In this embodiment, step 3) includes the following detailed steps:
3.1) allocating a space for the regrouped data (Grouped_Data), wherein the number of lines thereof is the same as that of the original data block (Data);
3.2) initializing the value of the current quality line number (i) of the original data block (Data) to be 0;
3.3) scanning the current quality line of the original data block (Data), wherein the data of the current quality line is Data[i], and (i) is the current quality line number; taking out the index column information (Index) of the current quality line Data[i];
3.4) searching the entry (j), the index information of which is the same as (Index), in the index information table (IIT) (namely in conformity with IIT[j].Index=Index);
3.5) inserting the quality line data, the index column information of which is deleted, into the regrouped data (Grouped_Data) (Grouped_Data[k]=delete index(Data[i], Index_No)), wherein a value of an insertion position (k) is the sum of the variables (start and temp) of the entry (j) (k=IIT[j].start+IIT[j].temp); adding 1 to the variable (temp) value of the entry (j) (IIT [j].temp=IIT [j].temp+1);
3.6) adding 1 to the line number (i) (i=i+1), judging whether the line number (i) is more than the total line number of the original data block (Data), and jumping to execute step 3.3) if the total line number of the original data block (Data) is not exceeded; otherwise, jumping to execute step 4).

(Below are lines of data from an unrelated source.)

Definition cyc_succ (m k : nat) : nat := if k.+1 < m then k.+1 else 0.

Lemma iter_cyc_succ m a j : a < m -> iter j (cyc_succ m) a = (a + j) %% m.
Proof.
move=> ltam; elim: j => [|j IHj]; first by rewrite addn0 modn_small.
rewrite iterS IHj /cyc_succ addnS -[(a + j).+1]addn1 -(modnDml (a + j) 1 m) addn1.
have : (a + j) %% m < m by rewrite ltn_mod; lia.
move: ((a + j) %% m) => r ltrm.
case: ifP => [ltr1m | /negbT]; first by rewrite modn_small.
by rewrite -leqNgt => le_m_r1; have -> : r.+1 = m by [lia]; rewrite modnn.
Qed.

Lemma phi_word_cat t s1 s2 :
  phi_word t (s1 ++ s2) = phi_word t s1 ++ phi_word t s2.
Proof. by rewrite /phi_word map_cat flatten_cat. Qed.

Definition phi_iter (t : seq nat) (n : nat) : seq nat := iter n (phi_word t) [:: 0].

Section BetaExpansion.

Variable t : seq nat.
Hypothesis size_t : 2 <= size t.
Hypothesis head_t : 0 < head 0 t.
Hypothesis last_t : 0 < last 0 t.

Local Notation m := (size t).
Local Notation u := (u_beta t).
Local Notation on_alphabet := (all (fun x => x < size t)).

Lemma size_phi_gt0 k : k < m -> 0 < size (phi t k).
Proof.
move=> ltkm; rewrite /phi; case: ifP => [_|/negbT]; first by rewrite size_cat addn1.
by rewrite -leqNgt size_nseq => le_m_k1; have -> : k = m.-1 by [lia]; rewrite nth_last.
Qed.

Lemma size_phi0 : 2 <= size (phi t 0).
Proof. by rewrite /phi ifT ?size_cat ?size_nseq ?nth0 /=; lia. Qed.

Lemma phi_on_alphabet k : k < m -> on_alphabet (phi t k).
Proof.
move=> ltkm; have zeros n : on_alphabet (nseq n 0) by apply/allP=> x /nseqP[-> _]; lia.
by rewrite /phi; case: ifP => ltk1m; rewrite ?all_cat /= ?ltk1m ?zeros.
Qed.

Lemma phi_last k : k < m -> exists x, phi t k = rcons x (cyc_succ m k).
Proof.
move=> ltkm; rewrite /phi /cyc_succ; case: ifP => [_|/negbT].
  by exists (nseq (nth 0 t k) 0); rewrite cats1.
rewrite -leqNgt => le_m_k1; have -> : k = m.-1 by [lia].
move: last_t; rewrite -nth_last; case: (nth 0 t m.-1) => [|n] // _.
by exists (nseq n 0); rewrite -cats1 -addn1 nseqD.
Qed.

Lemma phi_word_on_alphabet s : on_alphabet s -> on_alphabet (phi_word t s).
Proof.
elim: s => [|a s IHs] //= /andP[ltam /IHs]; rewrite -cat1s phi_word_cat all_cat.
by rewrite /phi_word /= cats0 phi_on_alphabet.
Qed.

Lemma size_phi_word s : on_alphabet s -> size s <= size (phi_word t s).
Proof.
elim: s => [|a s IHs] //= /andP[ltam /IHs]; rewrite -cat1s phi_word_cat size_cat.
by rewrite /phi_word /= cats0; have := size_phi_gt0 ltam; lia.
Qed.

Lemma phi_iter_on_alphabet n : on_alphabet (phi_iter t n).
Proof.
elim: n => [|n IHn]; first by rewrite /= andbT; lia.
exact: phi_word_on_alphabet.
Qed.

Lemma phi_iter_prefix n N : n <= N -> exists s, phi_iter t N = phi_iter t n ++ s.
Proof.
have prefix_succ k : exists s, phi_iter t k.+1 = phi_iter t k ++ s.
  elim: k => [|k [s IHk]].
    rewrite /= /phi_word /= cats0 /phi ifT //; move: head_t; rewrite -nth0.
    by case: (nth 0 t 0) => // k _; exists (nseq k 0 ++ [:: 1]).
  exists (phi_word t s).
  by rewrite /phi_iter iterS -/(phi_iter t k.+1) {1}IHk phi_word_cat.
elim: N => [|N IHN]; first by rewrite leqn0 => /eqP->; exists [::]; rewrite cats0.
rewrite leq_eqVlt => /predU1P[->|/IHN[s1 phi_iter_N]].
  by exists [::]; rewrite cats0.
by have [s2 ->] := prefix_succ N; exists (s1 ++ s2); rewrite phi_iter_N catA.
Qed.
Lemma sum_pushforward_expr (R : comPzSemiRingType) (T U : finType) (f : T -> U)
    (P : T -> R) k :
  \sum_u (\sum_(x | f x == u) P x) ^+ k.+1 =
  \sum_x P x * (\sum_(z | f z == f x) P z) ^+ k.
Proof.
rewrite [RHS](partition_big f xpredT) //=; apply: eq_bigr => u _.
by rewrite exprS mulr_suml; apply: eq_big => // x /eqP ->.
Qed.

Section RealBounds.
Variable R : realType.

Lemma sup_norm_ge0 (T : finType) (f : T -> R) : 0 <= sup_norm f.
Proof. by apply: (big_ind (fun x => 0 <= x)) => // x y x_ge0 y_ge0; rewrite le_max x_ge0. Qed.

Lemma sup_norm_expr_le (T : finType) (f : T -> R) k : (0 < k)%N ->
  sup_norm f ^+ k <= \sum_t `|f t| ^+ k.
Proof.
move=> k_gt0; set S := \sum_t _.
suff [] : 0 <= sup_norm f /\ sup_norm f ^+ k <= S by [].
apply: (big_ind (fun M => 0 <= M /\ M ^+ k <= S)).
- by rewrite expr0n gtn_eqF // sumr_ge0 // => t _; rewrite exprn_ge0.
- by move=> x y [x_ge0 xS] [y_ge0 yS]; rewrite maxEle; case: ifP.
- move=> t _; split => //; rewrite /S (bigD1 t) //= lerDl sumr_ge0 // => i _.
  exact: exprn_ge0.
Qed.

In this embodiment, when the index column data (Index_Data) of the original data block (Data) is extracted in step 4), taking out the index columns of all quality lines from the original data block (Data) in an order from small to large according to the index column numbers (Index_No), so as to obtain the index column data (Index_Data), namely Index_Data=get_index_all(Data, Index_No); and finally, exporting the index column numbers (Index_No), the index column data (Index_Data) of the original data block (Data) and data (Grouped_Data) regrouped as the compression pre-processing results.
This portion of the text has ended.